Call it a bit counter-intuitive, but studio legend and streaming giant Paramount (NASDAQ:PARA) recently brought out a win in court that likely saved it a pot of cash and some trouble. But investors weren’t at all happy about it as shares were down nearly 5.5% in Monday afternoon’s trading.
The good news for Paramount connects back to a lawsuit that some were calling the Top Gun: Maverick lawsuit. The lawsuit in question came about when some believed that the film cribbed heavily from a 1983 article by Ehud Yonay titled “Top Guns,” which was itself focused on a San Diego fighter pilot training school.
The case was outright shut down, though, once Judge Percy Anderson noted that copyright law cannot be extended to “factual elements,” like the actual people described in “Top Guns,” or on “familiar plot elements” like pilots being shot down. Further, Anderson noted that copyright can’t protect “the sheer love of flying” as a basic theme.

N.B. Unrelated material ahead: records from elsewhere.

Lemma expect_prod_coord (P : pred 'I_T) (i : 'I_d) (h : bool -> R) :
  expect (fun w => \prod_(t | P t) h (w t i)) =
  (\sum_b bern (v i) b * h b) ^+ #|P|.
Proof.
pose g t j b := if P t && (j == i) then h b else 1.
have gE (w : Omega T d) : \prod_(t | P t) h (w t i) = \prod_t \prod_j g t j (w t j).
  rewrite big_mkcond; apply: eq_bigr => t _; rewrite (bigD1 i) //= [X in _ * X]big1 /g.
    by rewrite eqxx andbT mulr1; case: (P t).
  by move=> j /negbTE ->; rewrite andbF.
rewrite (eq_expect gE) expect_prod -prodr_const [RHS]big_mkcond.
apply: eq_bigr => t _; rewrite -[t \in P]/(P t) (bigD1 i) //= [X in _ * X]big1 /g.
  by rewrite eqxx andbT; case: (P t); rewrite mulr1 //; under eq_bigr do rewrite mulr1;
    rewrite bern_sum.
by move=> j /negbTE ->; rewrite andbF; under eq_bigr do rewrite mulr1; rewrite bern_sum.
Qed.

Lemma expect_coord (t : 'I_T) (i : 'I_d) (h : bool -> R) :
  expect (fun w => h (w t i)) = \sum_b bern (v i) b * h b.
Proof.
rewrite -[RHS]expr1 -(card1 t) -expect_prod_coord.
by apply: eq_expect => w; rewrite big_pred1_eq.
Qed.

Lemma expect_indep {A : pred 'I_T} {F G : Omega T d -> R} :
  depends_on A F -> depends_on (predC A) G ->
  expect (fun w => F w * G w) = expect F * expect G.
Proof.
move=> dF dG; rewrite -[LHS]mulr1 -(expect_cst 1) /expect !mulr_suml.
under eq_bigr do rewrite mulr_sumr; under [RHS]eq_bigr do rewrite mulr_sumr.
rewrite !pair_bigA /=.
(* Exchanging the samples outside A between two independent copies of the
   sample preserves the product measure. *)
pose mix A (w w' : Omega T d) : Omega T d := [ffun t => if A t then w t else w' t].
pose swap (p : Omega T d * Omega T d) := (mix A p.1 p.2, mix A p.2 p.1).
have swapK : involutive swap.
  by case=> w w'; congr pair; apply/ffunP => t; rewrite !ffunE; case: (A t).
rewrite (reindex_inj (inv_inj swapK)); apply: eq_bigr => -[w w'] _ /=.
have probM : prob T d v (mix A w w') * prob T d v (mix A w' w) =
             prob T d v w * prob T d v w'.
  rewrite /prob -!big_split; apply: eq_bigr => t _.
  by rewrite !ffunE; case: (A t); last exact: mulrC.
have -> : F (mix A w w') = F w by apply: dF => t At; rewrite ffunE At.
have -> : G (mix A w w') = G w' by apply: dG => t /negbTE At; rewrite ffunE At.
by rewrite mulr1 mulrAC probM mulrACA.
Qed.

Meanwhile, on the M&A Side
That should have been good news sufficient to send shares spiking, but what might have proven so disastrous was reports of a possible buyout deal. Reports suggested that Paramount might be inclined to trade $5 billion worth of its own stock to buy Skydance. That would also send $2 billion in cash outright to National Amusements, which owns Paramount. Further, Skydance would pile some extra cash into Paramount, which it’s been needing in recent days as it looks to pay off debt.
Is Paramount a Good Stock Buy?
Turning to Wall Street, analysts have a Hold consensus rating on PARA stock based on six Buys, eight Holds, and seven Sells assigned in the past three months, as indicated by the graphic below. After a 48.54% loss in its share price over the past year, the average PARA price target of $13.29 per share implies 17.61% upside potential.